= DATA SECTION =
Lemma primitive_normal_form a : coef_gcd a = 1 ->
  exists2 M, M \in unitmx & exists i, a *m M = delta_mx 0 i.
Proof.
move=> a_prim.
have r_gt0 : (0 < r)%N.
  move: a_prim; rewrite /coef_gcd.
  case: (pickP (fun _ : 'I_r => true)) => [i _ _ | none]; last by rewrite big_pred0.
  exact: leq_ltn_trans (leq0n i) (ltn_ord i).
pose z := Ordinal r_gt0.
(* [a = L D R0] with [D] a single row, so [a R0^-1] is a multiple of [e_0]. *)
have [L _ [R0 R0_unit [d _ aE]]] := int_Smith_normal_form a.
set u := L 0 0 * d`_0.
have aR0 : a *m invmx R0 = u *: delta_mx 0 z.
  rewrite aE mulmxK //; apply/rowP => k; rewrite !mxE big_ord1 !mxE eqxx /=.
  have -> : (0%N == k :> nat) = (k == z) by rewrite eq_sym -val_eqE.
  by case: (k == z); rewrite ?mulr1n ?mulr0n ?mulr1 ?mulr0.
have u_dvd j : (u %| a 0%R j)%Z.
  have -> : a = u *: row z R0 by rewrite rowE scalemxAl -aR0 mulmxKV.
  by rewrite mxE dvdz_mulr.
have u2 : u * u = 1.
  have : (u %| coef_gcd a)%Z.
    apply: (big_ind (fun x => (u %| x)%Z)) => // x y ux uy.
    by rewrite dvdz_gcd ux uy.
  rewrite a_prim dvdz1 => /eqP u1.
  by rewrite -expr2 -real_normK ?num_real // -abszE u1 expr1n.
exists (u *: invmx R0).
  by rewrite unitmxZ ?unitmx_inv //; apply/unitrP; exists u.
by exists z; rewrite -scalemxAr aR0 scalerA u2 scale1r.
Qed.

Lemma prime_lin a : coef_gcd a = 1 -> prime_elt (lin a).
Proof.
move=> /primitive_normal_form [M M_unit [i aM]].
apply: (prime_elt_rmorph (mPo_lin_substK M_unit)).
by rewrite /= lin_mPo_subst aM lin_delta; exact: prime_X.
Qed.

Lemma lin_ndivides a b : coef_gcd a = 1 ->
    (forall c d : int, c *: a + d *: b = 0 -> c = 0 /\ d = 0) ->
  ~ divides (lin a) (lin b).
Proof.
move=> /primitive_normal_form [M M_unit [i aM]] indep.
move=> /(divides_rmorph (comp_mpoly (lin_subst M))) /=.
rewrite !lin_mPo_subst aM lin_delta => /divides_X_lin.
set t := (b *m M) 0 i => bM.
have ba : b = t *: a.
  by apply: (can_inj (mulmxK M_unit)); rewrite /= -scalemxAl aM.
have := indep t (-1); rewrite scaleN1r ba subrr => /(_ erefl) [_ /eqP].
by rewrite oppr_eq0 oner_eq0.
Qed.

= THE TASK =
The task calls for every line of the material that contains the string "apply".

= WRITTEN RESPONSE =
  rewrite aE mulmxK //; apply/rowP => k; rewrite !mxE big_ord1 !mxE eqxx /=.
    apply: (big_ind (fun x => (u %| x)%Z)) => // x y ux uy.
  by rewrite unitmxZ ?unitmx_inv //; apply/unitrP; exists u.
apply: (prime_elt_rmorph (mPo_lin_substK M_unit)).
  by apply: (can_inj (mulmxK M_unit)); rewrite /= -scalemxAl aM.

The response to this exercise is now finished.